Commenting on employment issues and the Apprenticeship Levy, Tim Thomas, EEF Director of Employment & Skills Policy, said:

Employers will be relieved that the Chancellor did not add to the wave of new employment costs already announced, including the apprenticeship levy and the national living wage, and hope that the apparent decision not to meddle with pensions tax relief proves long-lasting. Some businesses will see changes to national insurance rules on termination payments and more red-tape for those legitimately using personal service companies as unnecessary and potentially costly.

On the Apprenticeship Levy, Tim Thomas, said:

Manufacturers firmly support the government’s ambition to create more high quality apprenticeships. However, they do not support the use of a levy to get there. Industry has clearly set out what the government needs to be deliver to ensure the levy is seen as a talent generator and not a tax but today’s announcement does little to allay manufacturers’ fears, even with the announcement of a 10% top-up for levy payers.

While everyone is putting their full weight into this process, it is becoming clear that the government’s deadline of April 2017 is now seriously out of synch with companies’ planning cycles. If government wants to avoid this issue becoming a policy mess, it must push back the levy implementation date to 2018.

Commenting on business rates reform, EEF Chief Economist, Ms Lee Hopley, said:

Industry will be relieved that there is no fundamental overhaul of the business rates system and that bills look set to increase less sharply in the future. However the Chancellor’s decision to remove cheaper properties from paying business rates only increases the burden on seeking revenue from plant and machinery included in calculations. Today’s measures maintain business rates as a tax on investment and may add greater uncertainty to local authority budgets in the future given their now increased dependency on plant and machinery for future revenues.

Commenting on the Government’s response to the Business Energy Efficiency Taxation Review EEF’s Senior Energy Policy adviser, Richard Warren, said:

Manufacturers will be enormously pleased to finally see the back of the CRC energy efficiency scheme, a vastly overcomplicated tax that has had a negligible effect on energy efficiency improvements in industry. We would have liked to see the government go further, however, and relinquish the revenue stream attached to this scheme, but do at least welcome the government’s clear commitment to make changes to the Climate Change Levy in a genuinely revenue neutral manner.

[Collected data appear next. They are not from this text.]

(* Let $n\ge 1$ and let $B^n=\{x\in\mathbb{R}^n : \|x\|\le 1\}$ be the closed unit ball. There is no decomposition of $B^n$ into sets of diameter less than $2/\sqrt{n}$ such that at most $n$ of the sets meet at any point.
   Context: A decomposition of a space $X$ is a locally finite collection (for compact $X$, a finite collection) of closed subsets of $X$ (the pieces) with pairwise disjoint interiors whose union is $X$. Diameters are Euclidean. *)

From HB Require Import structures.
From mathcomp Require Import all_boot all_order all_algebra.
From mathcomp Require Import all_classical all_reals all_analysis.
Set Implicit Arguments. Unset Strict Implicit. Unset Printing Implicit Defensive.
Import Order.TTheory GRing.Theory Num.Theory.
Import numFieldNormedType.Exports.
Local Open Scope classical_set_scope.
Local Open Scope ring_scope.

Definition enorm (R : realType) (n : nat) (x : 'rV[R]_n) : R :=
  Num.sqrt (\sum_(i < n) (x ord0 i) ^+ 2).

Definition edist (R : realType) (n : nat) (x y : 'rV[R]_n) : R := enorm (x - y).

Definition unit_ball (R : realType) (n : nat) : set 'rV[R]_n :=
  [set x | enorm x <= 1].

Definition closed_in (R : realType) (n : nat) (X A : set 'rV[R]_n) : Prop :=
  exists C : set 'rV[R]_n, @closed 'rV[R]_n C /\ A = X `&` C.

Definition rel_interior (R : realType) (n : nat) (X A : set 'rV[R]_n)
  : set 'rV[R]_n :=
  [set x | A x /\ exists2 e : R, 0 < e &
     forall y, X y -> edist x y < e -> A y].

Definition diam_lt (R : realType) (n : nat) (A : set 'rV[R]_n) (c : R) : Prop :=
  exists2 d : R, d < c & forall x y, A x -> A y -> edist x y <= d.

Definition decomposition (R : realType) (n : nat) (I : finType)
  (X : set 'rV[R]_n) (P : I -> set 'rV[R]_n) : Prop :=
  [/\ forall i, closed_in X (P i),
      forall i j, i != j -> rel_interior X (P i) `&` rel_interior X (P j) = set0,
      (forall i, P i `<=` X) &
      (forall x, X x -> exists i, P i x)].

Definition meet_count (R : realType) (n : nat) (I : finType)
  (P : I -> set 'rV[R]_n) (x : 'rV[R]_n) : nat :=
  #|[set i : I | `[< P i x >] ]%SET|.

From Pilot Require Import Defs.
From HB Require Import structures.
From mathcomp Require Import all_boot all_order all_algebra.
From mathcomp Require Import all_classical all_reals all_analysis.
From mathcomp Require Import perm zify ring lra.
Set Implicit Arguments. Unset Strict Implicit. Unset Printing Implicit Defensive.
Import Order.TTheory GRing.Theory Num.Theory.
Import numFieldNormedType.Exports.
(* Let $\alpha\in(1,2)$ be irrational. Then $\alpha$ has a purely periodic Lehner expansion if and only if $\alpha$ is a quadratic irrational whose Galois conjugate $\bar\alpha$ satisfies $\bar\alpha<1$. Furthermore, if $\alpha=[\![\overline{(a_0,\epsilon_0)(a_1,\epsilon_1)\cdots(a_{r-1},\epsilon_{r-1})}]\!]$, then $\bar\alpha=-\langle\!\langle\overline{(\epsilon_{r-1}/a_{r-1})\cdots(\epsilon_0/a_0)}\rangle\!\rangle$.
   Context: The Lehner map on $[1,2)$ is $L(x)=\frac{1}{2-x}$ for $x\in[1,3/2)$ and $L(x)=\frac{1}{x-1}$ for $x\in[3/2,2)$. For irrational $x\in(1,2)$, its Lehner digits are $(a_i,\epsilon_i)=(2,-1)$ if $L^i(x)\in[1,3/2)$ and $(a_i,\epsilon_i)=(1,+1)$ if $L^i(x)\in[3/2,2)$, and $x=a_0+\cfrac{\epsilon_0}{a_1+\cfrac{\epsilon_1}{a_2+\cdots}}$, written $[\![(a_0,\epsilon_0)(a_1,\epsilon_1)\cdots]\!]$ (the Lehner expansion). For digits $(f_i/b_i)\in\{(-1/2),(+1/1)\}$, $\langle\!\langle(f_0/b_0)(f_1/b_1)\cdots\rangle\!\rangle$ denotes the value of $\cfrac{f_0}{b_0+\cfrac{f_1}{b_1+\cdots}}$; a Lehner digit $(a,\epsilon)$ corresponds to the Farey-type digit $(\epsilon/a)$. An overline denotes infinite periodic repetition of the block; ''purely periodic'' means the digit sequence is periodic from index $0$. *)

From Stdlib Require Import Reals Lra Lia ZArith Arith.
Open Scope R_scope.

Definition lehner_map (x : R) : R :=
  if Rlt_dec x (3/2) then 1 / (2 - x) else 1 / (x - 1).

Fixpoint lehner_iter (n : nat) (x : R) : R :=
  match n with
  | O => x
  | S k => lehner_map (lehner_iter k x)
  end.

Definition lehner_a (x : R) (i : nat) : R :=
  if Rlt_dec (lehner_iter i x) (3/2) then 2 else 1.
Definition lehner_eps (x : R) (i : nat) : R :=
  if Rlt_dec (lehner_iter i x) (3/2) then -1 else 1.

Definition irrational (x : R) : Prop :=
  forall p q : Z, q <> 0%Z -> x <> IZR p / IZR q.

Definition lehner_purely_periodic (x : R) : Prop :=
  exists r : nat, (0 < r)%nat /\
    forall i : nat, lehner_a x (i + r) = lehner_a x i /\
                    lehner_eps x (i + r) = lehner_eps x i.

Definition quadratic_irrational (x : R) : Prop :=
  irrational x /\
  exists a b c : Z, a <> 0%Z /\ IZR a * x ^ 2 + IZR b * x + IZR c = 0.

(* beta is the Galois conjugate of x: the other root of an integer quadratic
   a X^2 + b X + c vanishing at x (well defined for irrational x). *)
Definition galois_conj (x beta : R) : Prop :=
  exists a b c : Z, a <> 0%Z /\ IZR a * x ^ 2 + IZR b * x + IZR c = 0 /\
    beta = - (IZR b / IZR a) - x.

(* Finite truncation  f_m/(b_m + f_{m+1}/(b_{m+1} + ... + f_{m+k}/b_{m+k})). *)
Fixpoint cf_aux (f b : nat -> R) (m k : nat) : R :=
  match k with
  | O => f m / b m
  | S k' => f m / (b m + cf_aux f b (S m) k')
  end.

Continuation of the Climate Change Agreements for all sectors is extremely welcome. The scheme strikes the correct balance between penalty and reward, working with the grain of business to drive investments in energy efficiency. Just as importantly, the scheme is an essential element of the package of measures protecting our most energy intensive industry from uncompetitive energy prices. Government is to be congratulated on listening to the concerns of industry and refraining from unhelpful reform.

Commenting on the Government’s announcement on the Carbon Price Support rates, EEF’s Senior Energy Policy adviser, Richard Warren, said:

Whilst we had been hoping for something more radical on the Carbon Price Floor itself, today’s commitment to continue the current freeze to the support rates beyond 2019/20 is welcome. With UK electricity consumers currently saddled with a carbon price some four to five times higher than consumers elsewhere in Europe, there can be little justification for a resumption of its original trajectory. We will continue to call for its phasing out but today’s announcement at least provides manufacturers with some certainty on cost stability for the remainder of this parliament.

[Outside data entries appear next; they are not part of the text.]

Lemma cert_formE m (c : 'I_k -> R) : m = \sum_l c l *: sg l ->
  cert_form m = \row_j (U * \sum_l c l * coord l j).
Proof.
move=> m_c; apply/rowP => j; rewrite !mxE.
have c_rel : relation (fun l => rep m l - c l).
  rewrite /relation (eq_bigr (fun l => rep m l *: sg l - c l *: sg l)).
    by rewrite sumrB -rep_spec -m_c subrr.
  by move=> l _; rewrite scalerBl.
have := U_ann c_rel j.
rewrite (eq_bigr (fun l => rep m l * coord l j - c l * coord l j)).
  by rewrite sumrB mulrBr => /eqP; rewrite subr_eq0 => /eqP.
by move=> l _; rewrite mulrBl.
Qed.

Lemma cert_form_linear : linear cert_form.
Proof.
move=> r x y.
rewrite (@cert_formE _ (fun l => r * rep x l + rep y l)); last first.
  rewrite (eq_bigr (fun l => r *: (rep x l *: sg l) + rep y l *: sg l)).
    by rewrite big_split /= -scaler_sumr -!rep_spec.
  by move=> l _; rewrite scalerDl scalerA.
apply/rowP => j; rewrite !mxE.
rewrite (eq_bigr (fun l => r * (rep x l * coord l j) + rep y l * coord l j)).
  by rewrite big_split /= -mulr_sumr; ring.
by move=> l _; ring.
Qed.

Lemma cert_form_h_null j0 j :
  loc_null p ((\sum_l rep (h j0) l * coord l j - den * (j == j0)%:R) : R^o).
Proof.
have N1 : Npre (den *: h j0 - \sum_j (\sum_l rep (h j0) l * coord l j) *: h j).
  by have := coord_comb_approx (rep (h j0)); rewrite -rep_spec.
have N2 : Npre (den *: h j0 - \sum_j (den * (j == j0)%:R) *: h j).
  have -> : \sum_j (den * (j == j0)%:R) *: h j = den *: h j0.
    rewrite (bigD1 j0) //= eqxx mulr1 big1 ?addr0 // => j' /negbTE ->.
    by rewrite mulr0 scale0r.
  by rewrite subrr; exact: Npre0.
exact: (Npre_coord_unique N1 N2 j).
Qed.

(* Up to a unit of [R_p], the matrix of [cert_form] on the [h j] is [U * den]. *)
Lemma cert_form_det : ~ p (\det (\matrix_(j < n) cert_form (h j))).
Proof.
have [v hv] := choice (fun j0 => loc_null_fin p_prime (cert_form_h_null j0)).
set V := \prod_j0 v j0.
have nV : ~ p V by apply: (prime_ideal_prodn p_prime) => j0 _; case: (hv j0).
have EA : V *: (\matrix_(j < n) cert_form (h j)) = (V * U * den)%:M.
  apply/matrixP => j0 j; rewrite !mxE.
  have /eqP := (hv j0).2 j; rewrite /GRing.scale /= mulrBr subr_eq0 => /eqP e.
  rewrite /V (bigD1 j0) //=.
  rewrite (_ : v j0 * \prod_(i | i != j0) v i * (U * \sum_l rep (h j0) l * coord l j) =
     \prod_(i | i != j0) v i * U * (v j0 * \sum_l rep (h j0) l * coord l j)); last by ring.
  rewrite e eq_sym; case: eqP => [->|_]; first by rewrite mulr1 mulr1n; ring.
  by rewrite !mulr0 mulr0n.
move=> pA; have := detZ V (\matrix_(j < n) cert_form (h j)); rewrite EA det_scalar.
have : ~ p ((V * U * den) ^+ n).
  apply: (prime_idealXn p_prime); apply: (prime_idealMn p_prime); last exact: den_out.
  exact: (prime_idealMn p_prime).
by move=> + e; rewrite e; apply; apply: (prime_idealMl p_prime).
Qed.

End SummandCertificate.

Lemma delta_prop_certificate (R : comPzRingType) (M : lmodType R) (p : set R) (S : set M) n :
  noetherian R -> fin_gen_module M -> prime_ideal p ->
  delta_prop p S n -> det_certificate p S n.
Proof.
move=> R_noeth [sg sg_gen] p_prime.
move=> [G [[G_submod [g [G_basis [G_span G_indep]]]] [G_sub [N [N_submod [GN_trivial GN_cover]]]]]].
have g_num j : exists x : M * R, [/\ gen_submod S x.1, ~ p x.2 & locM_eq p (g j) x].
  by have [_ [m [s [Sm [ns E]]]]] := G_sub _ (G_basis j); exists (m, s).
have [hs hs_spec] := choice g_num.
pose h j := (hs j).1; pose s j := (hs j).2.
have s_out j : ~ p (s j) by case: (hs_spec j).
have g_frac j : locM_eq p (g j) (h j, s j) by case: (hs_spec j); rewrite /h /s; case: (hs j).
have [rep rep_spec] := choice sg_gen.
have [T [b sg_approx]] : exists (T : 'I_(size sg) -> R) (b : 'I_(size sg) -> 'I_n -> R),
    forall l, ~ p (T l) /\ Npre N (T l *: sg`_l - \sum_j b l j *: h j).
  have [Tb Tb_spec] := choice (fun l : 'I_(size sg) =>
    Npre_approx p_prime G_submod G_basis G_span N_submod GN_cover s_out g_frac sg`_l).
  have [b b_spec] := choice (fun l => Tb_spec l).
  by exists Tb, b.
have [U [U_out U_ann]] := relation_annihilator p_prime R_noeth G_submod G_basis G_span G_indep
  N_submod GN_trivial s_out g_frac (fun l => (sg_approx l).2).
exists h; split; first by move=> j; case: (hs_spec j).
pose psi : {linear M -> 'rV[R]_n} :=
  HB.pack (cert_form rep T b U) (GRing.isLinear.Build _ _ _ _ _ (cert_form_linear rep_spec U_ann)).
exists psi.
exact: (cert_form_det p_prime G_submod G_basis G_span G_indep N_submod GN_trivial s_out g_frac
  rep_spec (fun l => (sg_approx l).1) (fun l => (sg_approx l).2) U_out).
Qed.

Lemma delta_propE (R : comPzRingType) (M : lmodType R) (p : set R) (S : set M) n :
  noetherian R -> fin_gen_module M -> prime_ideal p ->
  delta_prop p S n <-> det_certificate p S n.
Proof.
move=> R_noeth M_fg p_prime; split; first exact: delta_prop_certificate.
by move=> [h [h_gen [psi det_out]]]; exact: (cert_delta_prop p_prime h_gen det_out).
Qed.

Lemma det_mulmx_small (R : comPzRingType) n K (C : 'M[R]_(n, K)) (B : 'M[R]_(K, n)) :
  (K < n)%N -> \det (C *m B) = 0.
Proof.
move=> Kn.
pose C' : 'M[R]_n := \matrix_(j, l) (if insub (val l) is Some l' then C j l' else 0).
pose B' : 'M[R]_n := \matrix_(l, i) (if insub (val l) is Some l' then B l' i else 0).
have -> : C *m B = C' *m B'.
  apply/matrixP => j i; rewrite !mxE.
  pose F m := if insub m is Some l' then C j l' * B l' i else 0.
  have -> : \sum_l C' j l * B' l i = \sum_(l < n) F l.
    by apply: eq_bigr => l _; rewrite !mxE /F; case: insub => [l'|]; rewrite ?mul0r.
  have -> : \sum_l C j l * B l i = \sum_(l < K) F l.
    by apply: eq_bigr => l _; rewrite /F valK.
  rewrite -!(big_mkord xpredT F) [in RHS](big_cat_nat _ (n := K)) //=; last exact: ltnW.
  rewrite [X in _ = _ + X]big1_seq ?addr0 // => m /andP [_].
  by rewrite mem_index_iota => /andP [Km _]; rewrite /F insubF // ltnNge Km.
rewrite det_mulmx (expand_det_col _ (Ordinal Kn)) big1 ?mul0r // => j _.
by rewrite !mxE insubF ?mul0r //= ltnn.
Qed.

(* The matrix of a certificate factors through [R^K], [K] the number of generators of [M]. *)
Lemma det_certificate_bound (R : comPzRingType) (M : lmodType R) : fin_gen_module M ->
  exists K, forall (p : set R) (S : set M) n, prime_ideal p -> det_certificate p S n -> (n <= K)%N.
Proof.
move=> [sg sg_gen]; have [rep rep_spec] := choice sg_gen.
exists (size sg) => p S n p_prime [h [h_gen [psi det_out]]].
rewrite leqNgt; apply/negP => Kn; apply: det_out.
pose C : 'M[R]_(n, size sg) := \matrix_(j, l) rep (h j) l.
pose B : 'M[R]_(size sg, n) := \matrix_(l, i) psi sg`_l 0 i.
have -> : \matrix_(j < n) psi (h j) = C *m B.
  apply/matrixP => j i; rewrite !mxE {1}(rep_spec (h j)) linear_sum summxE.
  by apply: eq_bigr => l _; rewrite linearZZ !mxE.
by rewrite det_mulmx_small //; apply: prime_ideal0.
Qed.

Section LocallyConstant.
Variables (R : comPzRingType) (M : lmodType R) (S : set M).
Hypotheses (R_noeth : noetherian R) (M_fg : fin_gen_module M).

Lemma det_certificate_sub (p q : set R) n :
  q `<=` p -> det_certificate p S n -> det_certificate q S n.
Proof. by move=> qp [h [h_gen [psi det_out]]]; exists h; split => //; exists psi => /qp. Qed.

Lemma det_certificate_open (q : set R) n : prime_ideal q -> exists d, ~ q d /\
  (det_certificate q S n -> forall p : set R, ~ p d -> det_certificate p S n).
Proof.
move=> q_prime; have [[h [h_gen [psi det_out]]]|no_cert] := pselect (det_certificate q S n).
  exists (\det (\matrix_(j < n) psi (h j))); split => // _ p det_out_p.
  by exists h; split => //; exists psi.
by exists 1; split; [exact: prime_ideal1 | move=> /no_cert].
Qed.

Lemma delta_locally_constant (q : set R) : prime_ideal q -> exists f, ~ q f /\
  forall p, prime_ideal p -> ~ p f -> q `<=` p -> delta p S = delta q S.
Proof.
move=> q_prime; have [K cert_le] := det_certificate_bound M_fg.
have [d d_spec] := choice (fun n => det_certificate_open n q_prime).
exists (\prod_(n < K.+1) d n); split.
  by apply: (prime_ideal_prodn q_prime) => n _; case: (d_spec n).
move=> p p_prime f_out qp; rewrite /delta.
suff -> : delta_prop p S = delta_prop q S by [].
apply: funext => n; apply: propext; rewrite !delta_propE //; split.
  exact: det_certificate_sub.
move=> q_cert; have [_ spread] := d_spec n; apply: (spread q_cert) => pd; apply: f_out.
have n_lt : (n < K.+1)%N by rewrite ltnS; exact: cert_le q_cert.
by rewrite (bigD1 (Ordinal n_lt)) //= mulrC; apply: (prime_idealMl p_prime).
Qed.

End LocallyConstant.

Section NoetherianInduction.
Variable R : comPzRingType.

Lemma ideal_sum (I : set R) n (c t : 'I_n -> R) :
  ideal I -> (forall i, I (t i)) -> I (\sum_i c i * t i).
Proof. by move=> [I0 ID IM] It; apply: (big_ind I) => // i _; exact: IM. Qed.

Hypothesis R_noeth : noetherian R.

Lemma noetherian_chain (c : nat -> set R) : (forall k, ideal (c k)) ->
  (forall k, c k `<=` c k.+1) -> exists k, c k.+1 `<=` c k.
Proof.
move=> c_ideal c_incr.
have c_mono k l : (k <= l)%N -> c k `<=` c l.
  move=> /subnK <-; elim: (l - k)%N => [|m IH] //=.
  by rewrite addSn; apply: subset_trans IH (c_incr _).
pose U x := exists k, c k x.
have U_ideal : ideal U.
  split; first by exists 0%N; case: (c_ideal 0%N).
    move=> x y [k xk] [l yl]; exists (maxn k l); case: (c_ideal (maxn k l)) => _ cD _.
    by apply: cD; [apply: (c_mono k) xk; rewrite leq_maxl | apply: (c_mono l) yl; rewrite leq_maxr].
  by move=> a x [k xk]; exists k; case: (c_ideal k) => _ _; apply.
have [t [tU tgen]] := R_noeth U_ideal.
have [kk tc] := choice (fun i : 'I_(size t) => tU _ (mem_nth 0 (ltn_ord i))).
exists (\max_i kk i)%N => x xc; have /tgen [a ->] : U x by exists (\max_i kk i).+1%N.
apply: ideal_sum => // i; apply: (c_mono (kk i)); [exact: leq_bigmax | exact: tc].
Qed.

Lemma noetherian_ind (P : set R -> Prop) :
  (forall J, ideal J -> (forall J', ideal J' -> J `<=` J' -> ~ J' `<=` J -> P J') -> P J) ->
  forall J, ideal J -> P J.
Proof.
move=> P_ind J0 J0_ideal; apply: contrapT => nP0.
have step J : exists J', ideal J /\ ~ P J ->
    [/\ ideal J', ~ P J', J `<=` J' & ~ J' `<=` J].
  have [[J_ideal nPJ]|] := pselect (ideal J /\ ~ P J); last by exists J.
  apply: contrapT => no_step; apply: nPJ; apply: P_ind => // J' J'_ideal JJ' J'J.
  by apply: contrapT => nPJ'; apply: no_step; exists J'.
have [next next_spec] := choice step.
pose c k := iter k next J0.
have c_bad k : ideal (c k) /\ ~ P (c k).
  elim: k => [|k [ck_ideal nPk]]; first by [].
  by have [] := next_spec _ (conj ck_ideal nPk).
have c_incr k : c k `<=` c k.+1 by case: (next_spec _ (c_bad k)).
have [k ck] := noetherian_chain (fun k => (c_bad k).1) c_incr.
by case: (next_spec _ (c_bad k)).
Qed.

End NoetherianInduction.

Section IdealAdjoin.
Variables (R : comPzRingType) (J : set R) (a : R).
Hypothesis J_ideal : ideal J.

Definition ideal_adj := [set x | exists c r, J c /\ x = c + r * a].

Lemma ideal_adj_ideal : ideal ideal_adj.
Proof.
case: J_ideal => J0 JD JM; split.
- by exists 0, 0; rewrite mul0r addr0.
- move=> x y [c [r [Jc ->]]] [c' [r' [Jc' ->]]]; exists (c + c'), (r + r').
  by split; [exact: JD | ring].
- move=> b x [c [r [Jc ->]]]; exists (b * c), (b * r).
  by split; [exact: JM | ring].
Qed.

Lemma ideal_adj_sub : J `<=` ideal_adj.
Proof. by move=> x Jx; exists x, 0; rewrite mul0r addr0. Qed.

Lemma ideal_adj_mem : ideal_adj a.
Proof. by case: J_ideal => J0 _ _; exists 0, 1; rewrite mul1r add0r. Qed.

Lemma ideal_adj_prime_sub (p : set R) : prime_ideal p -> J `<=` p -> p a -> ideal_adj `<=` p.
Proof.
move=> [[_ pD pM] _ _] Jp pa x [c [r [Jc ->]]].
by apply: pD; [exact: Jp | exact: pM].
Qed.

End IdealAdjoin.

Lemma bigcap_prime_ideal (R : comPzRingType) (F : set (set R)) :
  F `<=` @prime_ideal R -> ideal (\bigcap_(q in F) q).
Proof.
move=> F_prime; split.
- by move=> q /F_prime [[]].
- move=> x y Fx Fy q Fq; case: (F_prime q Fq) => -[_ qD _] _ _.
  by apply: qD; [exact: Fx | exact: Fy].
- by move=> r x Fx q Fq; case: (F_prime q Fq) => -[_ _ qM] _ _; apply: qM; exact: Fx.
Qed.

Section DeltaCover.
Variables (R : comPzRingType) (M : lmodType R) (X : set (set R)) (S : set M).

Definition delta_cover (Y : set (set R)) := exists Lambda : set (set R),
  [/\ finite_set Lambda, Lambda `<=` X &
    forall p, Y p -> ~ Lambda p -> exists q, [/\ Lambda q, q `<` p & delta p S = delta q S]].

Lemma delta_coverS Y Y' : Y' `<=` Y -> delta_cover Y -> delta_cover Y'.
Proof. by move=> Y'Y [L [L_fin LX L_cov]]; exists L; split => // p /Y'Y; apply: L_cov. Qed.

Lemma delta_cover0 : delta_cover set0.
Proof. by exists set0; split => //; exact: finite_set0. Qed.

Commenting on the Broadband Investment Fund, EEF Senior Business Environment Policy Adviser, Chris Richards, said:

Manufacturers need best in class provision if Britain is to take advantage of the next industrial revolution, industry will welcome today’s announcement of a Broadband Investment Fund which must be targeted to ensure this leads to a reduction in costs for business broadband by stimulating alternative providers. Only a fifth of companies believe the UK is currently at the forefront of internet connectivity.